• **YOUR OBJECTIVE**
A word-for-word restatement of every record is required.

ENTRIES PROVIDED Block Start

Lemma completion_col_eq0 i : ~~ b i -> forall k, G k i = 0.
Proof.
move=> nbi; apply: col_eq0_of_adjmx_mul.
by rewrite gramG !mxE eqxx mulr1n (negPf nbi).
Qed.

Lemma range_proj_idem : G *m adjmx G *m (G *m adjmx G) = G *m adjmx G.
Proof.
rewrite mulmxA -(mulmxA G) gramG; congr (_ *m _).
apply/matrixP => k i; rewrite mul_mx_diag !mxE.
by case: (boolP (b i)) => [_|/completion_col_eq0 ->]; rewrite ?mulr1 ?mul0r.
Qed.

Lemma range_proj_diag : exists Q (e : 'I_N -> bool), [/\ Q \is unitarymx,
  Q *m (G *m adjmx G) *m adjmx Q = diag_mx (\row_j (e j)%:R) & #|e| = #|b|].
Proof.
have [|Q [c [uQ hQ]]] := @hermitian_unitary_diag (G *m adjmx G).
  by rewrite adjmxM adjmxK.
have P2 := range_proj_idem; set P := G *m adjmx G in P2 hQ *.
have c01 j : c 0 j = (c 0 j == 1)%:R.
  have := unitary_conj_mul P P uQ; rewrite P2 hQ mul_diag_mx => /matrixP/(_ j j).
  rewrite !mxE eqxx mulr1n => /eqP; rewrite -subr_eq0 -{3}(mulr1 (c 0 j)) -mulrBr.
  by rewrite mulf_eq0 subr_eq0 => /orP[] /eqP ->; rewrite ?eqxx // eq_sym oner_eq0.
exists Q, (fun j => c 0 j == 1); split; first exact: uQ.
  by rewrite hQ; congr diag_mx; apply/rowP => j; rewrite !mxE -c01.
apply/eqP; rewrite -(eqr_nat C) -!sum_natr_bool.
under eq_bigr do rewrite -c01.
rewrite -mxtrace_diag -hQ mxtrace_mulC mulmxA (adjmx_mul_unitary uQ) mul1mx.
rewrite /P mxtrace_mulC gramG mxtrace_diag.
by apply/eqP; apply: eq_bigr => i _; rewrite mxE.
Qed.

Lemma unitary_completion :
  exists2 U : M, U \is unitarymx & forall i, b i -> forall k, U k i = G k i.
Proof.
have [Q [e [uQ hQ card_e]]] := range_proj_diag.
have QG0 j : ~~ e j -> forall i, (Q *m G) j i = 0.
  move=> nej; apply: row_eq0_of_mul_adjmx.
  by rewrite adjmxM !mulmxA -(mulmxA _ G) hQ !mxE eqxx mulr1n (negPf nej).
have [f f_e f_inj] : exists2 f : 'I_N -> 'I_N,
    {in [pred i | ~~ b i], forall i, ~~ e (f i)} & {in [pred i | ~~ b i] &, injective f}.
  apply: (@exists_inj_in _ [pred i | ~~ b i] [pred j | ~~ e j]).
  by rewrite -(leq_add2l #|b|) cardC -card_e cardC.
(* The columns of [adjmx Q] indexed by [~~ e] are an orthonormal basis of the
   orthogonal complement of the range of [G]; [f] assigns one of them to each
   column of [G] outside [b]. *)
pose U := \matrix_(k, i) if b i then G k i else adjmx Q k (f i).
have U_b i : b i -> forall k, U k i = G k i by move=> bi k; rewrite mxE bi.
have U_nb i : ~~ b i -> forall k, U k i = adjmx Q k (f i).
  by move=> /negPf nbi k; rewrite mxE nbi.
have neq i i' : ~~ b i -> b i' -> (i == i') = false.
  by move=> nbi bi'; apply: contraNF nbi => /eqP ->.
exists U; last exact: U_b.
rewrite -adjmx_unitary -unitarymxE /Defs.unitarymx adjmxK.
apply/matrixP => i i'; rewrite [RHS]mxE.
case: (boolP (b i)) => bi; case: (boolP (b i')) => bi'.
- by rewrite (adjmx_mul_colE (U_b _ bi) (U_b _ bi')) gramG !mxE bi.
- rewrite (adjmx_mul_colE (U_b _ bi) (U_nb _ bi')) -adjmxM adjmx_entry.
  by rewrite (QG0 _ (f_e _ bi')) conjC0 eq_sym neq.
- rewrite (adjmx_mul_colE (U_nb _ bi) (U_b _ bi')) adjmxK.
  by rewrite (QG0 _ (f_e _ bi)) neq.
- rewrite (adjmx_mul_colE (U_nb _ bi) (U_nb _ bi')) adjmxK.
  by rewrite (mulmx_adjmx_unitary uQ) mxE (inj_in_eq f_inj).
Qed.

ENTRIES PROVIDED Block End

• **ANSWER SPACE**
Lemma completion_col_eq0 i : ~~ b i -> forall k, G k i = 0.
Proof.
move=> nbi; apply: col_eq0_of_adjmx_mul.
by rewrite gramG !mxE eqxx mulr1n (negPf nbi).
Qed.

Lemma range_proj_idem : G *m adjmx G *m (G *m adjmx G) = G *m adjmx G.
Proof.
rewrite mulmxA -(mulmxA G) gramG; congr (_ *m _).
apply/matrixP => k i; rewrite mul_mx_diag !mxE.
by case: (boolP (b i)) => [_|/completion_col_eq0 ->]; rewrite ?mulr1 ?mul0r.
Qed.

Lemma range_proj_diag : exists Q (e : 'I_N -> bool), [/\ Q \is unitarymx,
  Q *m (G *m adjmx G) *m adjmx Q = diag_mx (\row_j (e j)%:R) & #|e| = #|b|].
Proof.
have [|Q [c [uQ hQ]]] := @hermitian_unitary_diag (G *m adjmx G).
  by rewrite adjmxM adjmxK.
have P2 := range_proj_idem; set P := G *m adjmx G in P2 hQ *.
have c01 j : c 0 j = (c 0 j == 1)%:R.
  have := unitary_conj_mul P P uQ; rewrite P2 hQ mul_diag_mx => /matrixP/(_ j j).
  rewrite !mxE eqxx mulr1n => /eqP; rewrite -subr_eq0 -{3}(mulr1 (c 0 j)) -mulrBr.
  by rewrite mulf_eq0 subr_eq0 => /orP[] /eqP ->; rewrite ?eqxx // eq_sym oner_eq0.
exists Q, (fun j => c 0 j == 1); split; first exact: uQ.
  by rewrite hQ; congr diag_mx; apply/rowP => j; rewrite !mxE -c01.
apply/eqP; rewrite -(eqr_nat C) -!sum_natr_bool.
under eq_bigr do rewrite -c01.
rewrite -mxtrace_diag -hQ mxtrace_mulC mulmxA (adjmx_mul_unitary uQ) mul1mx.
rewrite /P mxtrace_mulC gramG mxtrace_diag.
by apply/eqP; apply: eq_bigr => i _; rewrite mxE.
Qed.

Lemma unitary_completion :
  exists2 U : M, U \is unitarymx & forall i, b i -> forall k, U k i = G k i.
Proof.
have [Q [e [uQ hQ card_e]]] := range_proj_diag.
have QG0 j : ~~ e j -> forall i, (Q *m G) j i = 0.
  move=> nej; apply: row_eq0_of_mul_adjmx.
  by rewrite adjmxM !mulmxA -(mulmxA _ G) hQ !mxE eqxx mulr1n (negPf nej).
have [f f_e f_inj] : exists2 f : 'I_N -> 'I_N,
    {in [pred i | ~~ b i], forall i, ~~ e (f i)} & {in [pred i | ~~ b i] &, injective f}.
  apply: (@exists_inj_in _ [pred i | ~~ b i] [pred j | ~~ e j]).
  by rewrite -(leq_add2l #|b|) cardC -card_e cardC.
(* The columns of [adjmx Q] indexed by [~~ e] are an orthonormal basis of the
   orthogonal complement of the range of [G]; [f] assigns one of them to each
   column of [G] outside [b]. *)
pose U := \matrix_(k, i) if b i then G k i else adjmx Q k (f i).
have U_b i : b i -> forall k, U k i = G k i by move=> bi k; rewrite mxE bi.
have U_nb i : ~~ b i -> forall k, U k i = adjmx Q k (f i).
  by move=> /negPf nbi k; rewrite mxE nbi.
have neq i i' : ~~ b i -> b i' -> (i == i') = false.
  by move=> nbi bi'; apply: contraNF nbi => /eqP ->.
exists U; last exact: U_b.
rewrite -adjmx_unitary -unitarymxE /Defs.unitarymx adjmxK.
apply/matrixP => i i'; rewrite [RHS]mxE.
case: (boolP (b i)) => bi; case: (boolP (b i')) => bi'.
- by rewrite (adjmx_mul_colE (U_b _ bi) (U_b _ bi')) gramG !mxE bi.
- rewrite (adjmx_mul_colE (U_b _ bi) (U_nb _ bi')) -adjmxM adjmx_entry.
  by rewrite (QG0 _ (f_e _ bi')) conjC0 eq_sym neq.
- rewrite (adjmx_mul_colE (U_nb _ bi) (U_b _ bi')) adjmxK.
  by rewrite (QG0 _ (f_e _ bi)) neq.
- rewrite (adjmx_mul_colE (U_nb _ bi) (U_nb _ bi')) adjmxK.
  by rewrite (mulmx_adjmx_unitary uQ) mxE (inj_in_eq f_inj).
Qed.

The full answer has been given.